The elegance here is striking. The gradient for any weight is just two numbers multiplied together: what the layer above says about the error, and what the layer below actually produced. That is it.

Step 4: Passing blame to the hidden layer.

You now have gradients for all the weights in the final layer. But you need to do the same thing for every hidden layer below. To do that, you need to know the error signal for each hidden unit, the same way you computed it for the output unit in step 1.

A hidden unit connects upward to multiple output units. Each of those connections contributed to the final error. So the total blame assigned to a hidden unit is the sum of blame from every unit it connects to above it, weighted by the strength of each connection:

∂E / ∂y(hidden) = Σ (∂E / ∂x(above)) · w

If a hidden unit connects to three output units with weights 0.5, 0.3, and 0.8, and those output units have error signals 0.081, 0.04, and 0.02, then the blame reaching the hidden unit is:

(0.081 × 0.5) + (0.04 × 0.3) + (0.02 × 0.8) = 0.0405 + 0.012 + 0.016 = 0.069

And this is the key to the whole algorithm. Once you have this blame signal at the hidden unit, you repeat steps 2 and 3 exactly as before: multiply by the sigmoid derivative to get the error signal, then multiply by the outputs from the layer below to get weight gradients.

The algorithm cascades backwards through the entire network, one layer at a time. Every weight in the network receives a precise gradient telling it exactly how much it contributed to the final error. This is why it is called backpropagation.

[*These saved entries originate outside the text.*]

(* Standing facts F1, F2, F3 (taken as known), for all X' subset of X. *)
Definition standing_facts {d : measure_display} {T : measurableType d}
    {R : realType} (P : probability T R) (V : finType) (E : rel V)
    (X : {set V}) (var : V -> T -> R) (Gc : set (V -> R -> R)) : Prop :=
  forall (X' : {set V}) (i j : V), X' \subset X -> i \in X' -> j \in X' ->
    i != j ->
  [/\
      visible_parent E X' j i <->
        ((forall (g1 g2 : V -> R -> R) (M N : {set V}), Gc g1 -> Gc g2 ->
            M \subset (X' :\: [set i; j])%SET -> N \subset (X' :\: [set j])%SET ->
            ~ indep P (residual var i g1 M) (residual var j g2 N)) /\
         (exists (g1 g2 : V -> R -> R) (M N : {set V}), [/\ Gc g1, Gc g2,
            M \subset (X' :\: [set i])%SET, N \subset (X' :\: [set i; j])%SET &
            indep P (residual var i g1 M) (residual var j g2 N)])),
      visible_nonedge E X' i j <->
        (exists (g1 g2 : V -> R -> R) (M N : {set V}), [/\ Gc g1, Gc g2,
            M \subset (X' :\: [set i; j])%SET, N \subset (X' :\: [set i; j])%SET &
            indep P (residual var i g1 M) (residual var j g2 N)])
    &
      invisible E X' i j <->
        (forall (g1 g2 : V -> R -> R) (M N : {set V}), Gc g1 -> Gc g2 ->
            M \subset (X' :\: [set i])%SET -> N \subset (X' :\: [set j])%SET ->
            ~ indep P (residual var i g1 M) (residual var j g2 N))].

From HB Require Import structures.
From mathcomp Require Import all_boot all_order all_algebra.
From mathcomp Require Import all_classical all_reals all_analysis.
Set Implicit Arguments. Unset Strict Implicit. Unset Printing Implicit Defensive.
Import Order.TTheory GRing.Theory Num.Theory.
Local Open Scope ring_scope.

(* Condition (c) exhibits an independent pair of residuals, which through F1
   makes x_j a visible parent of x_i.  For x_k in K, condition (a) says that
   (x_i, x_j) is invisible w.r.t. X \ {x_k} (F3), while it is not invisible
   w.r.t. X.  Hiding x_k can only create an unobserved causal or backdoor path
   whose last vertex before x_i or x_j is x_k itself, so x_k is a parent of
   x_i or of x_j, and hence an ancestor of x_i. *)

Section HideOneVertex.
Variables (V : finType) (E : rel V) (X : {set V}) (k : V).

Lemma last_unobserved_setD1 (p : seq V) (v : V) :
  last v p \notin (X :\ k)%SET -> last v p \notin X \/ last v p = k.
Proof. by rewrite in_setD1 negb_and negbK => /orP[/eqP|]; [right | left]. Qed.

Lemma UCP_setD1 a b : UCP E (X :\ k)%SET a b -> ~ UCP E X a b -> E k b.
Proof.
move=> [p [pab uab /last_unobserved_setD1[pX | <-]]] noUCP.
  by case: noUCP; exists p.
by move: pab; rewrite rcons_path => /andP[].
Qed.

Lemma UBP_setD1 a b : UBP E (X :\ k)%SET a b -> ~ UBP E X a b -> E k a || E k b.
Proof.
move=> [v [p [q [pva qvb uniq_pq /last_unobserved_setD1 lp /last_unobserved_setD1 lq]]]] noUBP.
case: lp => [pX | <-]; last by move: pva; rewrite rcons_path => /andP[_ ->].
case: lq => [qX | <-]; last by move: qvb; rewrite rcons_path => /andP[_ ->]; rewrite orbT.
by case: noUBP; exists v, p, q.
Qed.

Lemma UBP_or_UCP_setD1 a b :
  UBP_or_UCP E (X :\ k)%SET a b -> ~ UBP_or_UCP E X a b -> E k a || E k b.
Proof.
move=> hidden noPath.
case: hidden => [ab | [ba | [ab | ba]]].
- by apply: UBP_setD1 ab _ => ab; apply: noPath; left.
- by rewrite orbC; apply: UBP_setD1 ba _ => ba; apply: noPath; right; left.
- by rewrite (UCP_setD1 ab) ?orbT // => ab'; apply: noPath; right; right; left.
- by rewrite (UCP_setD1 ba) // => ba'; apply: noPath; right; right; right.
Qed.

End HideOneVertex.

Section ConditioningSets.
Variables (V : finType) (X K : {set V}) (i j : V).
Hypotheses (KX : (K \subset X)%SET) (iK : i \notin K) (jK : j \notin K).

Lemma setU_set1_subset_setD1 (M Q : {set V}) :
  j \in X -> i != j ->
  (M \subset X :\: ([set i; j] :|: K))%SET -> (Q \subset K)%SET ->
  (M :|: [set j] :|: Q \subset X :\: [set i])%SET.
Proof.
move=> jX ij /fintype.subsetP MX /fintype.subsetP QK.
apply/fintype.subsetP => x; rewrite !inE => /orP[/orP[/MX | /eqP->] | /QK xK].
- by rewrite !inE !negb_or => /andP[/andP[/andP[-> _] _] ->].
- by rewrite eq_sym ij.
- by rewrite (fintype.subsetP KX _ xK) andbT; apply: contraNneq iK => <-.
Qed.

Lemma setU_subset_setD2 (N Q : {set V}) :
  (N \subset X :\: ([set i; j] :|: K))%SET -> (Q \subset K)%SET ->
  (N :|: Q \subset X :\: [set i; j])%SET.
Proof.
move=> /fintype.subsetP NX /fintype.subsetP QK.
apply/fintype.subsetP => x; rewrite !inE => /orP[/NX | /QK xK].
- by rewrite !inE negb_or => /andP[/andP[-> _] ->].
- rewrite (fintype.subsetP KX _ xK) andbT negb_or.
  by apply/andP; split; [apply: contraNneq iK | apply: contraNneq jK] => <-.
Qed.

End ConditioningSets.

Lemma setD1D1 (V : finType) (X : {set V}) (i k : V) :
  (X :\ k :\ i = X :\: [set i; k])%SET.
Proof. by rewrite finset.setDDl finset.setUC. Qed.

Theorem lemma4 (d : measure_display) (T : measurableType d) (R : realType)
    (P : probability T R) (V : finType) (E : rel V) (X : {set V})
    (var noise : V -> T -> R) (f : V -> V -> R -> R) (Gc : set (V -> R -> R))
    (Hdag : acyclic E)
    (Hmodel : additive_model P E var f noise)
    (Hcfc : CFC P E var)
    (HGc : residual_dependence P X var noise Gc)
    (Hfacts : standing_facts P E X var Gc)
    (i j : V) (ks : seq V)
    (HiX : i \in X) (HjX : j \in X) (HksX : {subset ks <= X})
    (Hdistinct : uniq [:: i, j & ks])
    (Ha : forall k, k \in ks ->
       forall (g1 g2 : V -> R -> R) (M N : {set V}), Gc g1 -> Gc g2 ->
         (M \subset X :\: [set i; k])%SET -> (N \subset X :\: [set j; k])%SET ->
         ~ indep P (residual var i g1 M) (residual var j g2 N))
    (Hb : forall (g1 g2 : V -> R -> R) (M N : {set V}), Gc g1 -> Gc g2 ->
         (M \subset X :\: [set i; j])%SET -> (N \subset X :\: [set j])%SET ->
         ~ indep P (residual var i g1 M) (residual var j g2 N))
    (Hc : exists (Q1 Q2 : {set V}) (g1 g2 : V -> R -> R) (M N : {set V}),
       [/\ (Q1 \subset [set x in ks])%SET, (Q2 \subset [set x in ks])%SET,
           (Q1 :|: Q2 = [set x in ks])%SET & Gc g1 /\ Gc g2] /\
       [/\
           (M \subset X :\: ([set i; j] :|: [set x in ks]))%SET,
           (N \subset X :\: ([set i; j] :|: [set x in ks]))%SET &
           indep P (residual var i g1 (M :|: [set j] :|: Q1)%SET)
                   (residual var j g2 (N :|: Q2)%SET)]) :
  [/\ visible_parent E X j i,
      forall k, k \in ks -> E k i || E k j
    & forall k, k \in ks -> ancestor E k i].
Proof.
move: Hdistinct => /= /andP[]; rewrite inE negb_or => /andP[ij iK] /andP[jK _].
have KX : ([set x in ks] \subset X)%SET by apply/fintype.subsetP => x; rewrite inE => /HksX.
have [iK' jK'] : i \notin [set x in ks] /\ j \notin [set x in ks] by rewrite !inE.
have VP : visible_parent E X j i.
  have [F1 _ _] := Hfacts X i j (subxx X) HiX HjX ij.
  apply/F1; split; first exact: Hb.
  case: Hc => Q1 [Q2 [g1 [g2 [M [N [[Q1K Q2K _ [G1 G2]] [MX NX indepMN]]]]]]].
  exists g1, g2, (M :|: [set j] :|: Q1)%SET, (N :|: Q2)%SET; split => //.
  - exact (setU_set1_subset_setD1 KX iK' HjX ij MX Q1K).
  - exact (setU_subset_setD2 KX iK' jK' NX Q2K).
have parent_ij k : k \in ks -> E k i || E k j.
  move=> kK; have ik : i != k by apply: contraNneq iK => ->.
  have jk : j != k by apply: contraNneq jK => ->.
  have iXk : i \in (X :\ k)%SET by rewrite !inE ik HiX.
  have jXk : j \in (X :\ k)%SET by rewrite !inE jk HjX.
  have [_ _ F3] := Hfacts (X :\ k)%SET i j (subD1set X k) iXk jXk ij.
  apply: (UBP_or_UCP_setD1 _ VP.2); apply/F3 => g1 g2 M N G1 G2 MX NX.
  by apply: (Ha k kK) => //; rewrite -setD1D1.
split => // k /parent_ij/orP[ki | kj]; first exact: connect1.
exact: connect_trans (connect1 kj) (connect1 VP.1).
Qed.
(* A graph without induced paths u - w - v in which p, q are non-adjacent is
   disconnected: the closed neighbourhood of p is a union of components. *)
Lemma nonedge_disconnected :
  (forall u v w, u != v -> C u w = 1%R -> C v w = 1%R -> C u v = 0%R -> False) ->
  forall p q, p != q -> C p q = 0%R -> is_disconnected D.
Proof.
move=> noP3 p q pq cpq.
pose P := [set x | (x == p) || (C p x == 1%R)].
have block x y : x \in P -> y \notin P -> C x y = 0%R.
  rewrite !inE negb_or => /orP [/eqP -> | /eqP cpx] /andP [yp cpy].
    by case: (F2_cases (C p y)) cpy => ->; rewrite ?eqxx.
  have [// | cxy] := F2_cases (C x y).
  have [cpy0 | cpy1] := F2_cases (C p y); last by rewrite cpy1 eqxx in cpy.
  by case: (noP3 p y x) => //; [rewrite eq_sym | rewrite C_sym].
apply: (splits_disconnected D_dm (block_splits block)); apply/set0Pn.
  by exists p; rewrite inE eqxx.
by exists q; rewrite !inE negb_or eq_sym pq cpq.
Qed.

(* In a complete intersection graph C[X] = J - I, so feasibility is parity. *)
Lemma complete_feasible : (forall x y, x != y -> C x y = 1%R) ->
  forall X, (X \in D) = ~~ odd #|X|.
Proof.
move=> complete X; rewrite in_DC -det_complete_adj; congr (\det _ != 0)%R.
apply/matrixP => i j; rewrite !mxE.
have [-> | ij] := eqVneq i j; first by rewrite C_diag.
by rewrite complete // (inj_eq enum_val_inj).
Qed.

Lemma rank_even : ~~ odd r.
Proof. by have [X hX <-] := rank_attained D_neq0; apply: feasible_even. Qed.

(* Feasible sets are even, so a non-maximum one is smaller by at least two. *)
Lemma lt_rank X : X \in D -> #|X| != r -> #|X| + 2 <= r.
Proof.
move=> hX ne; have lt_r : #|X| < r by rewrite ltn_neqAle ne leq_rank.
exact: even_ltn_add2 (feasible_even hX) rank_even lt_r.
Qed.

Section ConstantWidth.
Hypothesis const_width : forall A, width (twist D A) = r.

The Weight Update: Equations 8 and 9

Once you have the gradients, you update the weights. The simplest version is vanilla gradient descent:

Δw = -ε · (∂E / ∂w)

Where ε is the learning rate, a small number like 0.01 that controls how large each step is. The negative sign is because you want to move in the direction that reduces E, which is the opposite of the gradient direction.

But Rumelhart et al. immediately pointed out the problem with vanilla gradient descent: it is slow, and it oscillates. If the gradient keeps pointing in the same direction, you want to pick up speed. If it keeps reversing, you want to slow down.

Their solution adds momentum:

Δw(t) = -ε · (∂E / ∂w(t)) + α · Δw(t-1)

The second term carries forward a fraction α of the previous weight update. If the gradient has been pointing in the same direction for several steps, the weight updates accumulate and the learning accelerates. If the gradient reverses, the momentum term and the gradient term partially cancel, dampening the oscillation.

This is the ancestor of every modern optimizer. Adam, RMSprop, AdaGrad, they are all elaborate answers to the same question Rumelhart and Hinton were asking in 1986: how do you make gradient descent faster and more stable? Momentum was the first answer. It is still inside every optimizer you use today.

What the Experiments Actually Proved

This is the part I want to spend time on, because most blogs about backprop skip it entirely and just talk about the algorithm. The experiments in this paper are where the real idea lives.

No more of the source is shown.